## Exercise data
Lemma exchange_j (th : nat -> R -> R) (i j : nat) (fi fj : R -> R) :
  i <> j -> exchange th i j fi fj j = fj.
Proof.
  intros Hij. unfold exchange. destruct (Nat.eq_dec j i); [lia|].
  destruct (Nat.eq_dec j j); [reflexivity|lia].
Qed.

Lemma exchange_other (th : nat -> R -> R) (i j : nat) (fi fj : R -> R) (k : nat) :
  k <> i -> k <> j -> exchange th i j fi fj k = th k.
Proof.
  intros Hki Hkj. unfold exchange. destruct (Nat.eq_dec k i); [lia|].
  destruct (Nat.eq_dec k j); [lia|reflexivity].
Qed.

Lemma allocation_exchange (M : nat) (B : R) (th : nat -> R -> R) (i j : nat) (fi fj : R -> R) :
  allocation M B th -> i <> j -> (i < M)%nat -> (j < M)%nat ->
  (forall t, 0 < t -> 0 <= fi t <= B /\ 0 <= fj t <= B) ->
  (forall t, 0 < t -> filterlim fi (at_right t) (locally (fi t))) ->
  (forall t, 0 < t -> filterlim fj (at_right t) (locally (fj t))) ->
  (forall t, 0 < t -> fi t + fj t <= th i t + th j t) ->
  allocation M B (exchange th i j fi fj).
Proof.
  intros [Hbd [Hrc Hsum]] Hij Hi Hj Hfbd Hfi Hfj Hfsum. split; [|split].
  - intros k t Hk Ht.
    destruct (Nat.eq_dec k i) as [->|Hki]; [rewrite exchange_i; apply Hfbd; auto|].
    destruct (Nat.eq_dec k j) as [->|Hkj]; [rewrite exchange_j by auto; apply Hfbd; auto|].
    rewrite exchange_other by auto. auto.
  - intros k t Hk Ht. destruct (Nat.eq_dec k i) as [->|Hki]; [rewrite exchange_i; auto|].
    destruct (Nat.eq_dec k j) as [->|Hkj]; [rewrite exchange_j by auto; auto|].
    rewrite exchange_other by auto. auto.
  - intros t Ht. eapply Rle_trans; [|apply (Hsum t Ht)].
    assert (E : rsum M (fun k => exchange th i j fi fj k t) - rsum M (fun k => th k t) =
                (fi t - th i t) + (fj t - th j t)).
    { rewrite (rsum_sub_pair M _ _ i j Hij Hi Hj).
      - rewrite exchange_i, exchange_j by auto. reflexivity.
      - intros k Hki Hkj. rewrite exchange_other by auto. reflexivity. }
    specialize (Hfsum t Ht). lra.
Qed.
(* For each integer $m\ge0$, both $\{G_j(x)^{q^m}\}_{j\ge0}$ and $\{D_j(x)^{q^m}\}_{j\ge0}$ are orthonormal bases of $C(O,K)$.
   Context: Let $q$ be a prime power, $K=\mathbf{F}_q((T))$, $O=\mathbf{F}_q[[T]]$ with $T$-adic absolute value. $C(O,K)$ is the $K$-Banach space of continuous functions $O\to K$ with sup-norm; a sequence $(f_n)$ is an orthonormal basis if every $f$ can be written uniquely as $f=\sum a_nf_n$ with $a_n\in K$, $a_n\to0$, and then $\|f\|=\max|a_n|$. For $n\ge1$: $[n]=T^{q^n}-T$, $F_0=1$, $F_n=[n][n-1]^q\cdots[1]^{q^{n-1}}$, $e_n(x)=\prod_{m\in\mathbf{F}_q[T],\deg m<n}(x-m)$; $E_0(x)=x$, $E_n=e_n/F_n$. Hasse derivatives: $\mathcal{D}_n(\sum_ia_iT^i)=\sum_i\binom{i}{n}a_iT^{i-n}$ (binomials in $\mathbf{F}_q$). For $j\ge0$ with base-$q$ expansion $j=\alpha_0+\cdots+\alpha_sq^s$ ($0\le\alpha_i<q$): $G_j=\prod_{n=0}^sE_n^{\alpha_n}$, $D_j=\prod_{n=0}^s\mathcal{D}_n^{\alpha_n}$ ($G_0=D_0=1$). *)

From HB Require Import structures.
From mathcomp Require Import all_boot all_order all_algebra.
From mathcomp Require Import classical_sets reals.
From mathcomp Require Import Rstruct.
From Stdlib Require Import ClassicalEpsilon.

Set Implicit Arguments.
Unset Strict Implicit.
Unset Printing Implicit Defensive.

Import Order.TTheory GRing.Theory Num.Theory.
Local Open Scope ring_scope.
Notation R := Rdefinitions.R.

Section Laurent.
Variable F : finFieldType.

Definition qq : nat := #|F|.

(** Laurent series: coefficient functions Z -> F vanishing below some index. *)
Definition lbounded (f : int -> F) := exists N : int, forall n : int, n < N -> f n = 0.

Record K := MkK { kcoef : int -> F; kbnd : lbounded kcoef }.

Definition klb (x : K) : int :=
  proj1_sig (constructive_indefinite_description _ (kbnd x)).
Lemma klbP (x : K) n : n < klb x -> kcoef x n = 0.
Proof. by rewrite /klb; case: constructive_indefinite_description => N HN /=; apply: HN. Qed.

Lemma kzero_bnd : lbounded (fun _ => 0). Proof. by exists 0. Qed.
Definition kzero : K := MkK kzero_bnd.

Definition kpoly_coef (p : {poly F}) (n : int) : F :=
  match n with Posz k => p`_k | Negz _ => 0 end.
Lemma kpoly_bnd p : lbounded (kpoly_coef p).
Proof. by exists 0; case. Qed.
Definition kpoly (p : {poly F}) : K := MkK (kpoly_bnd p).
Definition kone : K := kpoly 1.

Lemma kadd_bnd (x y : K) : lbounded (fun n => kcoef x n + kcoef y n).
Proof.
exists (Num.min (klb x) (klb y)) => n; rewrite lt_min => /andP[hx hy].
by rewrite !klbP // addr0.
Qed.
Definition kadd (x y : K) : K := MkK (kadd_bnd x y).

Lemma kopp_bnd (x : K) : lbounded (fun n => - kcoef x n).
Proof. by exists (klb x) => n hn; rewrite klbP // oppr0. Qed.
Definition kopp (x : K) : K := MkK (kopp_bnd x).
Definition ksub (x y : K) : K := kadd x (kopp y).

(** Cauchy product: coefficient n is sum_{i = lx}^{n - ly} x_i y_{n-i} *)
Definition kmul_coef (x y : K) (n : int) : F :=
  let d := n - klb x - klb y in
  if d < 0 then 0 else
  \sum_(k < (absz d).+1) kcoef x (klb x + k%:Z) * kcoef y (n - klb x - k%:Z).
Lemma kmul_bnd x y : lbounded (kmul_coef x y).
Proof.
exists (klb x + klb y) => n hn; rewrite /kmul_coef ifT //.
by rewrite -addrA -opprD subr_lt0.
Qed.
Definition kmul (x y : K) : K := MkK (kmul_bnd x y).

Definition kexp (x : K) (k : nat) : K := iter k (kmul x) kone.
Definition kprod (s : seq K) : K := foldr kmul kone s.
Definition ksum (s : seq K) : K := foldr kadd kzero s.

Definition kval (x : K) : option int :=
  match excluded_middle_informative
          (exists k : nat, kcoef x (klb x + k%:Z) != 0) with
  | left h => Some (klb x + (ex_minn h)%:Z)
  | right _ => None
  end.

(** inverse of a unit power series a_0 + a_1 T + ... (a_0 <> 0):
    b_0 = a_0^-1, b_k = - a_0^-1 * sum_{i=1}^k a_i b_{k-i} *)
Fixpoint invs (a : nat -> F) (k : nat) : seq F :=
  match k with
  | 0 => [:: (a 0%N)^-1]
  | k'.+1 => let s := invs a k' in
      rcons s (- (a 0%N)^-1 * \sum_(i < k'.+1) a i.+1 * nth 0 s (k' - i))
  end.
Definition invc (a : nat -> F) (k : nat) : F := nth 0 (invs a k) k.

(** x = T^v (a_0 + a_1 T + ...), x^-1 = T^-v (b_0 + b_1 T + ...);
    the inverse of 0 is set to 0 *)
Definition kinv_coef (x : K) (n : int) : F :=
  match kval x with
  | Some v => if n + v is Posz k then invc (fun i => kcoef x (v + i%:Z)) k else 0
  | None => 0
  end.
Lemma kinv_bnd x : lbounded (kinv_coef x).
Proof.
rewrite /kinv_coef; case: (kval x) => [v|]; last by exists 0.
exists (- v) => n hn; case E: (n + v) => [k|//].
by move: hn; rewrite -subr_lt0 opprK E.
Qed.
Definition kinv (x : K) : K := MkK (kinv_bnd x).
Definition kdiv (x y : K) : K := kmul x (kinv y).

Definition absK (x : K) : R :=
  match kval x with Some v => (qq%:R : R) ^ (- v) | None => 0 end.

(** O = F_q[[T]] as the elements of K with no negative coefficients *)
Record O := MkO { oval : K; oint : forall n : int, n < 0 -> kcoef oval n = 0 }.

## The task
Starting with the line that holds "Lemma kopp_bnd (x" and ending with the line that holds "rewrite /kinv_coef; case: (kval", retype every line in the data above exactly, and nothing else.

## Response area
Lemma kopp_bnd (x : K) : lbounded (fun n => - kcoef x n).
Proof. by exists (klb x) => n hn; rewrite klbP // oppr0. Qed.
Definition kopp (x : K) : K := MkK (kopp_bnd x).
Definition ksub (x y : K) : K := kadd x (kopp y).

(** Cauchy product: coefficient n is sum_{i = lx}^{n - ly} x_i y_{n-i} *)
Definition kmul_coef (x y : K) (n : int) : F :=
  let d := n - klb x - klb y in
  if d < 0 then 0 else
  \sum_(k < (absz d).+1) kcoef x (klb x + k%:Z) * kcoef y (n - klb x - k%:Z).
Lemma kmul_bnd x y : lbounded (kmul_coef x y).
Proof.
exists (klb x + klb y) => n hn; rewrite /kmul_coef ifT //.
by rewrite -addrA -opprD subr_lt0.
Qed.
Definition kmul (x y : K) : K := MkK (kmul_bnd x y).

Definition kexp (x : K) (k : nat) : K := iter k (kmul x) kone.
Definition kprod (s : seq K) : K := foldr kmul kone s.
Definition ksum (s : seq K) : K := foldr kadd kzero s.

Definition kval (x : K) : option int :=
  match excluded_middle_informative
          (exists k : nat, kcoef x (klb x + k%:Z) != 0) with
  | left h => Some (klb x + (ex_minn h)%:Z)
  | right _ => None
  end.

(** inverse of a unit power series a_0 + a_1 T + ... (a_0 <> 0):
    b_0 = a_0^-1, b_k = - a_0^-1 * sum_{i=1}^k a_i b_{k-i} *)
Fixpoint invs (a : nat -> F) (k : nat) : seq F :=
  match k with
  | 0 => [:: (a 0%N)^-1]
  | k'.+1 => let s := invs a k' in
      rcons s (- (a 0%N)^-1 * \sum_(i < k'.+1) a i.+1 * nth 0 s (k' - i))
  end.
Definition invc (a : nat -> F) (k : nat) : F := nth 0 (invs a k) k.

(** x = T^v (a_0 + a_1 T + ...), x^-1 = T^-v (b_0 + b_1 T + ...);
    the inverse of 0 is set to 0 *)
Definition kinv_coef (x : K) (n : int) : F :=
  match kval x with
  | Some v => if n + v is Posz k then invc (fun i => kcoef x (v + i%:Z)) k else 0
  | None => 0
  end.
Lemma kinv_bnd x : lbounded (kinv_coef x).
Proof.
rewrite /kinv_coef; case: (kval x) => [v|]; last by exists 0.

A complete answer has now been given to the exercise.